Which lines of the entries below run from the one holding "Definition in_profiles (R" to the one holding "g_sigma G (s k) x.", inclusive? Set down exactly those lines and no others.

(Stored items)
###

(* For every $\beta\in(0,1]$, every integer $n>2$ and every integer $K$ with $1\le K\le\min\{n-1,e^{1/(5\beta)}\}$, there exists a competing content creation game $\mathcal G=(\{\mathcal S_i\}_{i=1}^n,\mathcal X,\sigma,\beta,K)$ with $n$ players such that $$PoA(\mathcal G)>\frac{n-1}{n}+\frac{1}{1+5\beta\log K}.$$
   Context: A competing content creation game $\mathcal G=(\{\mathcal S_i\}_{i=1}^n,\mathcal X,\sigma,\beta,K)$ consists of: a finite set of users $\mathcal X=\{x_1,\dots,x_m\}\subset\mathbb R^d$; players $i\in[n]$, player $i$ having an action set $\mathcal S_i\subset\mathbb R^d$; a relevance function $\sigma:\mathbb R^d\times\mathbb R^d\to[0,1]$; a noise parameter $\beta>0$; and an integer $1\le K\le n$. Let $\mathcal S=\prod_i\mathcal S_i$. For $s=(s_1,\dots,s_n)\in\mathcal S$ and user $x_j$, $\mathcal T_j(s;K)$ is the set of the first $K$ players of an ordering of $[n]$ by non-increasing $\sigma(s_i,x_j)$ (ties broken uniformly at random). Let $\varepsilon_1,\dots,\varepsilon_n$ be i.i.d. Gumbel with location $-\beta\gamma$ and scale $\beta$ (CDF $t\mapsto\exp(-e^{-(t+\beta\gamma)/\beta})$, $\gamma$ the Euler–Mascheroni constant). User $j$ chooses $i_j^*=\arg\max_{i\in\mathcal T_j(s;K)}\{\sigma(s_i,x_j)+\varepsilon_i\}$; $x_j\to s_i$ denotes the event $i_j^*=i$. User utility $\pi_j(s)=\mathbb E[\max_{i\in\mathcal T_j(s;K)}\{\sigma(s_i,x_j)+\varepsilon_i\}]$; player utility $u_i(s)=\sum_j\mathbb E[\sigma(s_i,x_j)+\varepsilon_i\mid x_j\to s_i]\Pr[x_j\to s_i]$; welfare $W(s)=\sum_j\pi_j(s)$. A CCE is a distribution $\alpha$ on $\mathcal S$ with $\mathbb E_{s\sim\alpha}[u_i(s)]\ge\mathbb E_{s\sim\alpha}[u_i(s_i',s_{-i})]$ for all $i$ and $s_i'\in\mathcal S_i$. $PoA(\mathcal G)=\max_{s\in\mathcal S}W(s)\big/\min_{\alpha\in CCE(\mathcal G)}\mathbb E_{s\sim\alpha}[W(s)]$. *)

From Stdlib Require List.
From HB Require Import structures.
From mathcomp Require Import all_boot all_order all_algebra.
From mathcomp Require Import boolp classical_sets reals.
From mathcomp Require Import sequences exp.
Set Implicit Arguments. Unset Strict Implicit. Unset Printing Implicit Defensive.
Import Order.TTheory GRing.Theory Num.Theory.
Local Open Scope ring_scope.
Local Open Scope classical_set_scope.

Record game (R : realType) (n d : nat) := Game {
  g_acts  : 'I_n -> seq 'rV[R]_d;
  g_users : seq 'rV[R]_d;
  g_sigma : 'rV[R]_d -> 'rV[R]_d -> R;
  g_beta  : R;
  g_K     : nat }.

Definition valid_game (R : realType) (n d : nat) (G : game R n d) : Prop :=
  [/\ forall i, g_acts G i != [::],
      uniq (g_users G),
      forall a b, 0 <= g_sigma G a b <= 1,
      0 < g_beta G &
      (1 <= g_K G <= n)%N ].

Definition profile (R : realType) (n d : nat) := 'I_n -> 'rV[R]_d.

Definition in_profiles (R : realType) (n d : nat) (G : game R n d)
  (s : profile R n d) : Prop := forall i, s i \in g_acts G i.

Definition deviate (R : realType) (n d : nat) (s : profile R n d) (i : 'I_n)
  (a : 'rV[R]_d) : profile R n d := fun k => if k == i then a else s k.

Section Utilities.
Variables (R : realType) (n d : nat) (G : game R n d).

Definition rel (s : profile R n d) (x : 'rV[R]_d) (k : 'I_n) : R :=
  g_sigma G (s k) x.

(* Pr[i \in T_x(s;K)] under uniform random tie-breaking:
   a = #players strictly more relevant, b = #players equally relevant
   (including i); then i is in the top K with probability
   clamp((K - a)/b, 0, 1). *)
Definition prob_top (s : profile R n d) (x : 'rV[R]_d) (i : 'I_n) : R :=
  let a := #|[pred k : 'I_n | rel s x i < rel s x k]| in
  let b := #|[pred k : 'I_n | rel s x k == rel s x i]| in
  Num.min 1 (Num.max 0 (((g_K G)%:R - a%:R) / b%:R)).
(* Let $(a_n)_{n\ge1}$ be the sequence defined by $a_1=1$ and $a_n = a_{n-1}\left(1-\frac{a_{n-1}}{n}\right)$ for $n\ge 2$. Then $\frac{1}{a_n}\sim \log n$, i.e. $\lim_{n\to\infty} \frac{1/a_n}{\log n}=1$.
   Context: $\log$ denotes the natural logarithm. The sequence $(a_n)$ is defined by the recurrence $a_1=1$, $a_n=a_{n-1}(1-a_{n-1}/n)$ for $n\ge2$. *)

From Stdlib Require Import Reals.
From Coquelicot Require Import Coquelicot.
Open Scope R_scope.

(* a n for n >= 1: a 1 = 1, a n = a (n-1) * (1 - a (n-1) / n) for n >= 2.
   The value at index 0 is a junk value (set to 1) and is never used by
   the recurrence for n >= 1 or by the limit statement. *)
Fixpoint a (n : nat) : R :=
  match n with
  | O => 1
  | S O => 1
  | S (S k as m) => a m * (1 - a m / INR (S m))
  end.

(* With b n := / a n the recurrence becomes additive,
   b (n+1) = b n + 1 / (n + 1 - a n), and 0 < a n <= 1 traps the increment
   between 1/(n+1) and 1/n.  Comparing with ln (n+1) - ln n, which lies in the
   same interval, gives ln (n+1) <= b n <= 2 + ln n, and dividing by ln n
   squeezes the ratio to 1. *)

From Stdlib Require Import Reals Lra Lia.
From Coquelicot Require Import Coquelicot.
Open Scope R_scope.

Lemma ln_le_sub1 (y : R) : 0 < y -> ln y <= y - 1.
Proof.
  intros Hy; pose proof (exp_ineq1_le (ln y)) as H.
  rewrite exp_ln in H; lra.
Qed.

Lemma inv_succ_le_ln_diff (x : R) : 0 < x -> / (x + 1) <= ln (x + 1) - ln x.
Proof.
  intros Hx.
  assert (Hq : 0 < x / (x + 1)) by (apply Rdiv_lt_0_compat; lra).
  pose proof (ln_le_sub1 _ Hq) as H.
  rewrite ln_div in H by lra.
  replace (x / (x + 1) - 1) with (- / (x + 1)) in H by (field; lra).
  lra.
Qed.

Lemma ln_diff_le_inv (x : R) : 0 < x -> ln (x + 1) - ln x <= / x.
Proof.
  intros Hx.
  assert (Hq : 0 < (x + 1) / x) by (apply Rdiv_lt_0_compat; lra).
  pose proof (ln_le_sub1 _ Hq) as H.
  rewrite ln_div in H by lra.
  replace ((x + 1) / x - 1) with (/ x) in H by (field; lra).
  lra.
Qed.

Lemma is_lim_seq_div_ln (b : nat -> R) (C : R) :
  (forall n, (2 <= n)%nat -> ln (INR n) <= b n <= C + ln (INR n)) ->
  is_lim_seq (fun n => b n / ln (INR n)) 1.
Proof.
  intros Hb.
  assert (Hln : is_lim_seq (fun n => ln (INR n)) p_infty).
  { apply (is_lim_comp_seq ln INR p_infty p_infty).
    - exact is_lim_ln_p.
    - exists 0%nat; discriminate.
    - exact is_lim_seq_INR. }
  assert (Hinv : is_lim_seq (fun n => C * / ln (INR n)) 0).
  { replace 0 with (C * Rbar_inv p_infty) by (simpl; ring).
    apply (is_lim_seq_scal_l _ C (Rbar_inv p_infty)).
    apply is_lim_seq_inv; [exact Hln | discriminate]. }
  apply is_lim_seq_le_le_loc with (fun _ => 1) (fun n => 1 + C * / ln (INR n)).
  - exists 2%nat; intros n Hn.
    assert (Hpos : 0 < ln (INR n)).
    { rewrite <- ln_1; apply ln_increasing; [lra|].
      apply lt_1_INR; lia. }
    specialize (Hb n Hn).
    split; apply (Rmult_le_reg_r (ln (INR n))); trivial; field_simplify; lra.
  - apply is_lim_seq_const.
  - replace (Finite 1) with (Rbar_plus 1 0) by (simpl; f_equal; ring).
    apply is_lim_seq_plus'; [apply is_lim_seq_const | exact Hinv].
Qed.

Lemma a_pos_le1 (k : nat) : 0 < a (S k) <= 1.
Proof.
  induction k as [|k IH]; [simpl; lra|].
  change (a (S (S k))) with (a (S k) * (1 - a (S k) / INR (S (S k)))).
  assert (HN : 1 < INR (S (S k))) by (apply lt_1_INR; lia).
  assert (Hq : 0 < a (S k) / INR (S (S k)) < 1).
  { split; [apply Rdiv_lt_0_compat; lra|].
    apply (Rdiv_lt_1 (a (S k))); lra. }
  split; nra.
Qed.

Lemma inv_a_succ (k : nat) :
  / a (S (S k)) = / a (S k) + / (INR (S (S k)) - a (S k)).
Proof.
  change (a (S (S k))) with (a (S k) * (1 - a (S k) / INR (S (S k)))).
  pose proof (a_pos_le1 k).
  assert (HN : 1 < INR (S (S k))) by (apply lt_1_INR; lia).
  field; lra.
Qed.

Lemma inv_a_increment_bounds (k : nat) :
  / INR (S (S k)) <= / a (S (S k)) - / a (S k) <= / INR (S k).
Proof.
  rewrite inv_a_succ, S_INR.
  pose proof (a_pos_le1 k); pose proof (lt_0_INR (S k) (Nat.lt_0_succ k)).
  replace (/ a (S k) + / (INR (S k) + 1 - a (S k)) - / a (S k))
    with (/ (INR (S k) + 1 - a (S k))) by ring.
  split; apply Rinv_le_contravar; lra.
Qed.

Lemma ln_le_inv_a (k : nat) : ln (INR (S (S k))) <= / a (S k).
Proof.
  induction k as [|k IH].
  - replace (INR 2) with 2 by (simpl; ring).
    change (a 1) with 1; rewrite Rinv_1.
    pose proof (ln_le_sub1 2 Rlt_0_2); lra.
  - pose proof (inv_a_increment_bounds k).
    pose proof (ln_diff_le_inv (INR (S (S k))) (lt_0_INR _ (Nat.lt_0_succ _))).
    rewrite (S_INR (S (S k))); lra.
Qed.

(* The extra term / n makes the invariant inductive. *)
Lemma inv_a_le_ln (k : nat) : / a (S k) + / INR (S k) <= 2 + ln (INR (S k)).
Proof.
  induction k as [|k IH].
  - simpl; rewrite ln_1, Rinv_1; lra.
  - pose proof (inv_a_increment_bounds k).
    pose proof (inv_succ_le_ln_diff (INR (S k)) (lt_0_INR _ (Nat.lt_0_succ _))).
    rewrite (S_INR (S k)) in *; lra.
Qed.

Theorem mainTheorem3 :
  is_lim_seq (fun n : nat => (/ a n) / ln (INR n)) 1.
Proof.
  apply is_lim_seq_div_ln with 2.
  intros [|k] Hk; [lia|].
  split.
  - apply Rle_trans with (ln (INR (S (S k)))); [|apply ln_le_inv_a].
    apply ln_le; [apply lt_0_INR; lia | apply le_INR; lia].
  - pose proof (inv_a_le_ln k).
    pose proof (Rinv_0_lt_compat _ (lt_0_INR (S k) (Nat.lt_0_succ k))).
    lra.
Qed.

###

*EXERCISE OUTPUT*.
Definition in_profiles (R : realType) (n d : nat) (G : game R n d)
  (s : profile R n d) : Prop := forall i, s i \in g_acts G i.

Definition deviate (R : realType) (n d : nat) (s : profile R n d) (i : 'I_n)
  (a : 'rV[R]_d) : profile R n d := fun k => if k == i then a else s k.

Section Utilities.
Variables (R : realType) (n d : nat) (G : game R n d).

Definition rel (s : profile R n d) (x : 'rV[R]_d) (k : 'I_n) : R :=
  g_sigma G (s k) x.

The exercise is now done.